> AVAILABLE DATA
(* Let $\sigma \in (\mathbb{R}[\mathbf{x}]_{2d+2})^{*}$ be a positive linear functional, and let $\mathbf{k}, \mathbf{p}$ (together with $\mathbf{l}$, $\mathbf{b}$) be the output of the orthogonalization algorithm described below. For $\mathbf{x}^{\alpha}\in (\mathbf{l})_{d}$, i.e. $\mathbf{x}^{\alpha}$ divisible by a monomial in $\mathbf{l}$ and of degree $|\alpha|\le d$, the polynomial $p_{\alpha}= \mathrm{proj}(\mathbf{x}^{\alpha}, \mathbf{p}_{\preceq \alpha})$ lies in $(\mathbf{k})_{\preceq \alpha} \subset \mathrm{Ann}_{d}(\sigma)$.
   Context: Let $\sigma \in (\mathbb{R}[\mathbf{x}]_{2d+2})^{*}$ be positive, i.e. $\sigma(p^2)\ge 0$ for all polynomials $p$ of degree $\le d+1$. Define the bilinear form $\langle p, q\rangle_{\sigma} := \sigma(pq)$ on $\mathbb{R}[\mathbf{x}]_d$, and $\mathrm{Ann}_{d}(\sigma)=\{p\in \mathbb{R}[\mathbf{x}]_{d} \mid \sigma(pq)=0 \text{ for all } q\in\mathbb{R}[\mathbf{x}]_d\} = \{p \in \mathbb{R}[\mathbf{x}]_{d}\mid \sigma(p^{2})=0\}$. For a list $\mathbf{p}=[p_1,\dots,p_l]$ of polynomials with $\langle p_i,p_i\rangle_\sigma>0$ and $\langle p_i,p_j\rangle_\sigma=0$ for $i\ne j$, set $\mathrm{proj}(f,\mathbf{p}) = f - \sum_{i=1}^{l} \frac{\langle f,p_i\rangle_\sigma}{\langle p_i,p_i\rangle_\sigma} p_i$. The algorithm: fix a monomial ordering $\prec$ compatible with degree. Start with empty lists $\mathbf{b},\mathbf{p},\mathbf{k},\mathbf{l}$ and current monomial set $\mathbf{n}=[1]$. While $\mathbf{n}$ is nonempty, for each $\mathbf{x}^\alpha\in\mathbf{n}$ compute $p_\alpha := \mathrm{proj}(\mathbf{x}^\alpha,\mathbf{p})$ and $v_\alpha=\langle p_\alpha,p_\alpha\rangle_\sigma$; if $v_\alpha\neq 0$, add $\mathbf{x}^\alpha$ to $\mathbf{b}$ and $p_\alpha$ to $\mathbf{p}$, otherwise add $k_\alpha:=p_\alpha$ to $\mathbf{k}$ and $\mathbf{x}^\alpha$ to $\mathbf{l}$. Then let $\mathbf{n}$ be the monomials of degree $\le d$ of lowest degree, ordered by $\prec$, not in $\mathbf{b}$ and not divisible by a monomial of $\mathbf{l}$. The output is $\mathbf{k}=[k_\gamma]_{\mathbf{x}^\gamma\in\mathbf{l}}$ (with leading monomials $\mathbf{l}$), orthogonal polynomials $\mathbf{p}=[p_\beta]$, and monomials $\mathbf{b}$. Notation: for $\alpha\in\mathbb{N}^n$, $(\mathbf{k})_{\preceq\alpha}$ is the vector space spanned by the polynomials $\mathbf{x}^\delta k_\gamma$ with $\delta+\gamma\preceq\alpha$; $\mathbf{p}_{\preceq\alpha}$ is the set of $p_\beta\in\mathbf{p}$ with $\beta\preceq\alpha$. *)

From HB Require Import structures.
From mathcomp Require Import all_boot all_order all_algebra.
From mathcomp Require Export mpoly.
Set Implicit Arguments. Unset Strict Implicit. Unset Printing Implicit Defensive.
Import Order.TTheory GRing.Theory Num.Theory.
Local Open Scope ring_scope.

...

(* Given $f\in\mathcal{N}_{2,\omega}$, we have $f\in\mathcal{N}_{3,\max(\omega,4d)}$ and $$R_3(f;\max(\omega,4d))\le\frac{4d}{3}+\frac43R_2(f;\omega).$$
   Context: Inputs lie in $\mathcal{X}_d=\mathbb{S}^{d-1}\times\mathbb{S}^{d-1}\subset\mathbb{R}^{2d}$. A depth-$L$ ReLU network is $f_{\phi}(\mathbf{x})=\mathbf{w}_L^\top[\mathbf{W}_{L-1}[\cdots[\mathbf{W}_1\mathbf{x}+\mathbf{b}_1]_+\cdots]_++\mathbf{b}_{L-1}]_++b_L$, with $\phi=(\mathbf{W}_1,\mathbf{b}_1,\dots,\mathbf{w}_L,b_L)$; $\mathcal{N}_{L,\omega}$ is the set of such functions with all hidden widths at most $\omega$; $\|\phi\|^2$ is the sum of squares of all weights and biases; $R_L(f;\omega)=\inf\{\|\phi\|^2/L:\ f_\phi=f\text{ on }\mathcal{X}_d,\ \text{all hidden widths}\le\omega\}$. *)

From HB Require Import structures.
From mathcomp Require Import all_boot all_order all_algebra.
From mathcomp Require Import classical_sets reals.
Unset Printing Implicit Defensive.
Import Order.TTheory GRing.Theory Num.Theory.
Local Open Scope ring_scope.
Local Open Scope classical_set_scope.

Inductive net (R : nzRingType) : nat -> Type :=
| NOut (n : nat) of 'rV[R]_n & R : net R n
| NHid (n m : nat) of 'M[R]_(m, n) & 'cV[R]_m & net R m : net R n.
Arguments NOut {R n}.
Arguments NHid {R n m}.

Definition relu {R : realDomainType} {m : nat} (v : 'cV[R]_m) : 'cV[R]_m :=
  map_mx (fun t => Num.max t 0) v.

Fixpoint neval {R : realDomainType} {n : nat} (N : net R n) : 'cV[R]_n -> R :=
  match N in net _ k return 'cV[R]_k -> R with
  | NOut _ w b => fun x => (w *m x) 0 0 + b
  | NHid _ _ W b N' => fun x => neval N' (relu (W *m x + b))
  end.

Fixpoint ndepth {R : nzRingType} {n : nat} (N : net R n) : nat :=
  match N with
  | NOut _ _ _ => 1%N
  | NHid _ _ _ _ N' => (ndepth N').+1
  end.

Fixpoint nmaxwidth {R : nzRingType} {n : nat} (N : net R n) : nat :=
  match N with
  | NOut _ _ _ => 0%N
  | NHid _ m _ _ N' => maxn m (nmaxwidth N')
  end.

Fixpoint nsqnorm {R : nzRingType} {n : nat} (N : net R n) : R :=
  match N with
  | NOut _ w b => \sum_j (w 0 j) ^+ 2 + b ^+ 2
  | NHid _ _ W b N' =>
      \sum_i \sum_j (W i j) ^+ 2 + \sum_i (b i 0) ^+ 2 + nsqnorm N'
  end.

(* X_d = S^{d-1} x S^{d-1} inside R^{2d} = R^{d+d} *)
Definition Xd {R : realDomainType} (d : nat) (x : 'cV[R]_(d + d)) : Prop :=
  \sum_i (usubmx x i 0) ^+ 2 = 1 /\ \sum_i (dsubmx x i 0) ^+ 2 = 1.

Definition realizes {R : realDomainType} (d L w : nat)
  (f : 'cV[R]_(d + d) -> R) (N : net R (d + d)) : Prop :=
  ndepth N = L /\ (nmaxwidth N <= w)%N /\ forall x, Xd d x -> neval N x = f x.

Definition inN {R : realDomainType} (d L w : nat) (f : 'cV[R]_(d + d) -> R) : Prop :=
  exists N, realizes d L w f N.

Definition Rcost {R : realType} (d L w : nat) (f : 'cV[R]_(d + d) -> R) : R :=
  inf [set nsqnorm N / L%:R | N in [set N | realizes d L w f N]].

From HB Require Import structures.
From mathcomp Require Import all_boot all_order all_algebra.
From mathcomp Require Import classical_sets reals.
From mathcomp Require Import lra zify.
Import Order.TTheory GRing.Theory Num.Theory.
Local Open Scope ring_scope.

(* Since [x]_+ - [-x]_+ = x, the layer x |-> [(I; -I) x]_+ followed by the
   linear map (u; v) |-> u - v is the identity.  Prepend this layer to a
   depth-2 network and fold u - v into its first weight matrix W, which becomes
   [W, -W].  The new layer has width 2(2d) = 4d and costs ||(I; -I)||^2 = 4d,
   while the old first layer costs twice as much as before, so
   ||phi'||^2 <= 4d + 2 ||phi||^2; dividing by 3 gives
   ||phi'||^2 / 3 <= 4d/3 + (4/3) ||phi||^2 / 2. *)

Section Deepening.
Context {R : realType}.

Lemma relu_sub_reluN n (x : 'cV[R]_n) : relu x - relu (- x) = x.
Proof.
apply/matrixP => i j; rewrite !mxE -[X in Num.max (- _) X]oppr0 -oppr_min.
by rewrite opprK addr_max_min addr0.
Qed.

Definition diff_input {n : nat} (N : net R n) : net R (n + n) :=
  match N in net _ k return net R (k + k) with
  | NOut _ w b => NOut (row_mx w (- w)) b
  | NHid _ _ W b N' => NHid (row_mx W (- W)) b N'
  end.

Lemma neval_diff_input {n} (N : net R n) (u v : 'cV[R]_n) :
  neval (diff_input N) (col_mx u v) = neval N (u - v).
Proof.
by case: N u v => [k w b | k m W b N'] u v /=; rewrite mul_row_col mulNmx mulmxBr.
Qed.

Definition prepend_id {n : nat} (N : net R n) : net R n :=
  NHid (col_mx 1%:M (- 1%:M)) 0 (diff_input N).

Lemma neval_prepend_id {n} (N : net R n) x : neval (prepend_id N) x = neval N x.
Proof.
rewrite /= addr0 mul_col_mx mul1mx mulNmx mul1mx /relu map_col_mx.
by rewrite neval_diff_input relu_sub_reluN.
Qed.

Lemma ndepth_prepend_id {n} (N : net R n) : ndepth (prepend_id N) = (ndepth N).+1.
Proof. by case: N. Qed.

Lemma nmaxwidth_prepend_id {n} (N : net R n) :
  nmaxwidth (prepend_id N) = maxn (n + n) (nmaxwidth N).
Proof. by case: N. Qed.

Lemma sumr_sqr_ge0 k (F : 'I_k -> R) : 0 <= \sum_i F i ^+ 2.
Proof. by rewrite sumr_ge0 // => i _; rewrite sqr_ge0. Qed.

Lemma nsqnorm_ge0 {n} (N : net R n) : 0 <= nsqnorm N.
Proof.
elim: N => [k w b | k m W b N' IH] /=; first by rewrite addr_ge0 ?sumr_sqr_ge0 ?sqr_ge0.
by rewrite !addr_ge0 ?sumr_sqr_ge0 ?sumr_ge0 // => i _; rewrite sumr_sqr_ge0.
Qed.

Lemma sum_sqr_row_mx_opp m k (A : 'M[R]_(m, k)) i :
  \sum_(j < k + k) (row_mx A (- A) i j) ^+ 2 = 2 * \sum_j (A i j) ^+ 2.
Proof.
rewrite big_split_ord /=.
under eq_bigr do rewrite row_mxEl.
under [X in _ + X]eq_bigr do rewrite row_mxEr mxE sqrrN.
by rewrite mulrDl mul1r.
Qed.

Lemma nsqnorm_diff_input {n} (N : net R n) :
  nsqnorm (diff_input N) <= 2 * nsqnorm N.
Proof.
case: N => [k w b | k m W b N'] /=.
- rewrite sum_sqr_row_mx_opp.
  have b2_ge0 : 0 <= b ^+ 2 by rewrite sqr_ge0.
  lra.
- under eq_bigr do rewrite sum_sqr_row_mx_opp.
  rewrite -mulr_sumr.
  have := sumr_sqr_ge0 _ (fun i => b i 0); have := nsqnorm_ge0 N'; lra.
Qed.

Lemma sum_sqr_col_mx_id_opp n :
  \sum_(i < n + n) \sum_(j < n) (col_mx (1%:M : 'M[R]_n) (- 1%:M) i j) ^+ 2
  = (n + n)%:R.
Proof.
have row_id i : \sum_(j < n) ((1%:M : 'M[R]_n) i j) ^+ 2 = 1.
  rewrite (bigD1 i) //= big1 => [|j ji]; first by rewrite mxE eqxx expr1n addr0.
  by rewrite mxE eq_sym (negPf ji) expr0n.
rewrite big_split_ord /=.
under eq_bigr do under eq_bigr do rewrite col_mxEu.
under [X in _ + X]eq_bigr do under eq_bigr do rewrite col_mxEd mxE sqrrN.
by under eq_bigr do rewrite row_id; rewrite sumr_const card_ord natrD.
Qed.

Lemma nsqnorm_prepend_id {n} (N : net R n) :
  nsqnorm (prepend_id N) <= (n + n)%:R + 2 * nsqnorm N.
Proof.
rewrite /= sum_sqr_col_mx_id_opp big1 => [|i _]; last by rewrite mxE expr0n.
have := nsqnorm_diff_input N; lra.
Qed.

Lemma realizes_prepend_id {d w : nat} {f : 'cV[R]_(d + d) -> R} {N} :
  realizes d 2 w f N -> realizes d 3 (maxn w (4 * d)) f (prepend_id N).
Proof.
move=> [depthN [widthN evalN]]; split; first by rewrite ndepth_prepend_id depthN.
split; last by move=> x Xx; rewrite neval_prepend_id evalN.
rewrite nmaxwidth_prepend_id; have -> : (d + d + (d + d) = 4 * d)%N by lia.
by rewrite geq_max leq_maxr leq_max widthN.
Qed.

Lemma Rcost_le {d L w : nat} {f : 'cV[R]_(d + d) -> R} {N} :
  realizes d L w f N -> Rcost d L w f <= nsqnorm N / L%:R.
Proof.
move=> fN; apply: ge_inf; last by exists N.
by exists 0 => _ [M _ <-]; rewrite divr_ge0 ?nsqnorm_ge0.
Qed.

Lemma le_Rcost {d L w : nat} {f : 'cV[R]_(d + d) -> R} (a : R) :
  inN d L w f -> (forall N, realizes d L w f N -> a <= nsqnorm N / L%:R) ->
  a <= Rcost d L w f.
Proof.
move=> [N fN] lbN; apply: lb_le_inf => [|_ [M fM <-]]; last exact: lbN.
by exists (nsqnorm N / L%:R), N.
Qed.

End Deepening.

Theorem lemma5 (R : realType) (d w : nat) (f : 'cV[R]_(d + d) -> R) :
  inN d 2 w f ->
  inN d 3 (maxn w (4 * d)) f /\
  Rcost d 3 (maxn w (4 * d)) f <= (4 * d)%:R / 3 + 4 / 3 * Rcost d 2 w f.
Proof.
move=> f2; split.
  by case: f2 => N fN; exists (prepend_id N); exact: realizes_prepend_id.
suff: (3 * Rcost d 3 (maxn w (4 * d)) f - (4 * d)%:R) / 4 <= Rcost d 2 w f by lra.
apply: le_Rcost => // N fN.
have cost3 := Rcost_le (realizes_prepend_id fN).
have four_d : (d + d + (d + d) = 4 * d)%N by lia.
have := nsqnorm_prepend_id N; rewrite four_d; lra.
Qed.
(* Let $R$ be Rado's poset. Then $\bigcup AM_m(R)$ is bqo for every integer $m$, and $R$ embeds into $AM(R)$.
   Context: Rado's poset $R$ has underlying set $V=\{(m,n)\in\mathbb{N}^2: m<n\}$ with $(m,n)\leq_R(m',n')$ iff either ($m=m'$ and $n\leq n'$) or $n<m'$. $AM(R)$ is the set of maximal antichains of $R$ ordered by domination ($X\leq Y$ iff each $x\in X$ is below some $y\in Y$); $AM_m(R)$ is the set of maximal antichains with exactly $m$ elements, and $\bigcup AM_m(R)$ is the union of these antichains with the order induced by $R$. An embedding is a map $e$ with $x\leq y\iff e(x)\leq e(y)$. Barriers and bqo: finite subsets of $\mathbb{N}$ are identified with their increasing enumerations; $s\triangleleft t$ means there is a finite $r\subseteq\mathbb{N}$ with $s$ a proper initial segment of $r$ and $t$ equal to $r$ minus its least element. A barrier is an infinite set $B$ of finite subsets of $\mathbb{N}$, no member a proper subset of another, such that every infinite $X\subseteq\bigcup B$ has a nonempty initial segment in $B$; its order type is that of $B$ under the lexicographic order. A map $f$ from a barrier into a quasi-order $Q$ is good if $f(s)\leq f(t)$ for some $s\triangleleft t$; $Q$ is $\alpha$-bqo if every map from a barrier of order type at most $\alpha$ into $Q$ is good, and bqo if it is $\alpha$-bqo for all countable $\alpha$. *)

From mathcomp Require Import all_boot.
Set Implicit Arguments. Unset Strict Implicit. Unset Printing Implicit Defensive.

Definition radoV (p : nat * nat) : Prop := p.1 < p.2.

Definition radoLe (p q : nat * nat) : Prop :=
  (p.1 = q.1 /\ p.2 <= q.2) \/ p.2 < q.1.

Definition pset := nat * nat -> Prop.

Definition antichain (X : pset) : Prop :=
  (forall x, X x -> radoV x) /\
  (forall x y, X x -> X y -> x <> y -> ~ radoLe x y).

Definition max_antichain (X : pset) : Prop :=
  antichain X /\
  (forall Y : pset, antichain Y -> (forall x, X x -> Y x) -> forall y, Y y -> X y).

---

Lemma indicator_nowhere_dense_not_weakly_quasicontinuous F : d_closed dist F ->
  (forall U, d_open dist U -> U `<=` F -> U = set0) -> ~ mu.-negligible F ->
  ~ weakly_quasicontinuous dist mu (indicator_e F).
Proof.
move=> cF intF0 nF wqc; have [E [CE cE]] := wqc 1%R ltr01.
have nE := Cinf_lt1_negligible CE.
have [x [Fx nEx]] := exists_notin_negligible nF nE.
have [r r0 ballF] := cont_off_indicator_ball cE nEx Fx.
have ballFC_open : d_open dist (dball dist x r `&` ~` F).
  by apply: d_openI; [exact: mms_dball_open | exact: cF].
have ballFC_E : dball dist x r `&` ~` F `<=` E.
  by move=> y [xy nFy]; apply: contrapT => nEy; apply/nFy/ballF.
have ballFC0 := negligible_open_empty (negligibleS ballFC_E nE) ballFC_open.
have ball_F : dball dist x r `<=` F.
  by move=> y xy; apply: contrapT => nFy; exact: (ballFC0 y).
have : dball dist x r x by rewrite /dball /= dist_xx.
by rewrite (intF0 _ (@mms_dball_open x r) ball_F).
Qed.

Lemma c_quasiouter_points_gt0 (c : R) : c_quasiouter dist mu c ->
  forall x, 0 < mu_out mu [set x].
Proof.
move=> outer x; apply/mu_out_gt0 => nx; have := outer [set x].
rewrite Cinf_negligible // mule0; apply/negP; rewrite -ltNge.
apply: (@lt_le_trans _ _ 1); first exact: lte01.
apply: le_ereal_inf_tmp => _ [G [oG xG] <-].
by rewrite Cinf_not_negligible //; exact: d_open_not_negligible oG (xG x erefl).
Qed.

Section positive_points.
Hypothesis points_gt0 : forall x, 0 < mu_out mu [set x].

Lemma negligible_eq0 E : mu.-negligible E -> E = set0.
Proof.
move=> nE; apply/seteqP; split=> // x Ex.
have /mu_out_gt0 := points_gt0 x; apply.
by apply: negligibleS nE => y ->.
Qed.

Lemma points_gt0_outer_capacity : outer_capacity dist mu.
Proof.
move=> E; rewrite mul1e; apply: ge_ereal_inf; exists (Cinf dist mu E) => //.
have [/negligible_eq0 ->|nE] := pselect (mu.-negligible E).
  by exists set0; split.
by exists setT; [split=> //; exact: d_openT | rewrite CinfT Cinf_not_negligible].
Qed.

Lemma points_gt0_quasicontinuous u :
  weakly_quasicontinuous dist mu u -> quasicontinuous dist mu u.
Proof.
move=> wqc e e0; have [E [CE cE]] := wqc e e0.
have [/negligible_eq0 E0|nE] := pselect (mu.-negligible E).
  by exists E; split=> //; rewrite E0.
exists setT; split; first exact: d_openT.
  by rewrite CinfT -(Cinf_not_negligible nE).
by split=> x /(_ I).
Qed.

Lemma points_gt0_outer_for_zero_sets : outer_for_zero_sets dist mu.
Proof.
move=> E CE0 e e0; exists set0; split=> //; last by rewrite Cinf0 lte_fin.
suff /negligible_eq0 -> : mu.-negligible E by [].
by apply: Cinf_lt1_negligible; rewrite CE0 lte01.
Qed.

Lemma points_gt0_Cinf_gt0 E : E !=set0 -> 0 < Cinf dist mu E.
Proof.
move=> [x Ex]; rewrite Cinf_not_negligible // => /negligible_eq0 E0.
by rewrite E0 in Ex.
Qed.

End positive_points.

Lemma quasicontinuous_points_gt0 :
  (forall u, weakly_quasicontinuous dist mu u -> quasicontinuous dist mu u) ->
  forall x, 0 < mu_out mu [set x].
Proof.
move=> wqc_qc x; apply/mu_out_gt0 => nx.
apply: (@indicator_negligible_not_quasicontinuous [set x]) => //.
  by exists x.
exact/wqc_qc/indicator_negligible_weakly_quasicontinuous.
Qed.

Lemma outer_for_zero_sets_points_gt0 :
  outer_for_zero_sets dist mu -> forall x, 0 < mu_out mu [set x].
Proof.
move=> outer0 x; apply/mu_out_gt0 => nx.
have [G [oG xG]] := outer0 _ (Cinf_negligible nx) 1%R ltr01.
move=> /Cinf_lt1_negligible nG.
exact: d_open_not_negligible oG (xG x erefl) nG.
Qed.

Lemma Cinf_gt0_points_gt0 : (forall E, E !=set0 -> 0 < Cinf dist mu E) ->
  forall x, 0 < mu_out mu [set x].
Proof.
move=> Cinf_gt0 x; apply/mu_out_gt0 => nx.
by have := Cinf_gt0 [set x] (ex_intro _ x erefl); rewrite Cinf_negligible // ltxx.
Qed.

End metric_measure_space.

> TO DO
Among the entries above, find the line with "realizes d L w f N -> Rcost" and the line with "apply: le_Rcost => // N fN."; give again exactly these two lines and all lines between them.

> RESPONSE FOR THIS EXERCISE
  realizes d L w f N -> Rcost d L w f <= nsqnorm N / L%:R.
Proof.
move=> fN; apply: ge_inf; last by exists N.
by exists 0 => _ [M _ <-]; rewrite divr_ge0 ?nsqnorm_ge0.
Qed.

Lemma le_Rcost {d L w : nat} {f : 'cV[R]_(d + d) -> R} (a : R) :
  inN d L w f -> (forall N, realizes d L w f N -> a <= nsqnorm N / L%:R) ->
  a <= Rcost d L w f.
Proof.
move=> [N fN] lbN; apply: lb_le_inf => [|_ [M fM <-]]; last exact: lbN.
by exists (nsqnorm N / L%:R), N.
Qed.

End Deepening.

Theorem lemma5 (R : realType) (d w : nat) (f : 'cV[R]_(d + d) -> R) :
  inN d 2 w f ->
  inN d 3 (maxn w (4 * d)) f /\
  Rcost d 3 (maxn w (4 * d)) f <= (4 * d)%:R / 3 + 4 / 3 * Rcost d 2 w f.
Proof.
move=> f2; split.
  by case: f2 => N fN; exists (prepend_id N); exact: realizes_prepend_id.
suff: (3 * Rcost d 3 (maxn w (4 * d)) f - (4 * d)%:R) / 4 <= Rcost d 2 w f by lra.
apply: le_Rcost => // N fN.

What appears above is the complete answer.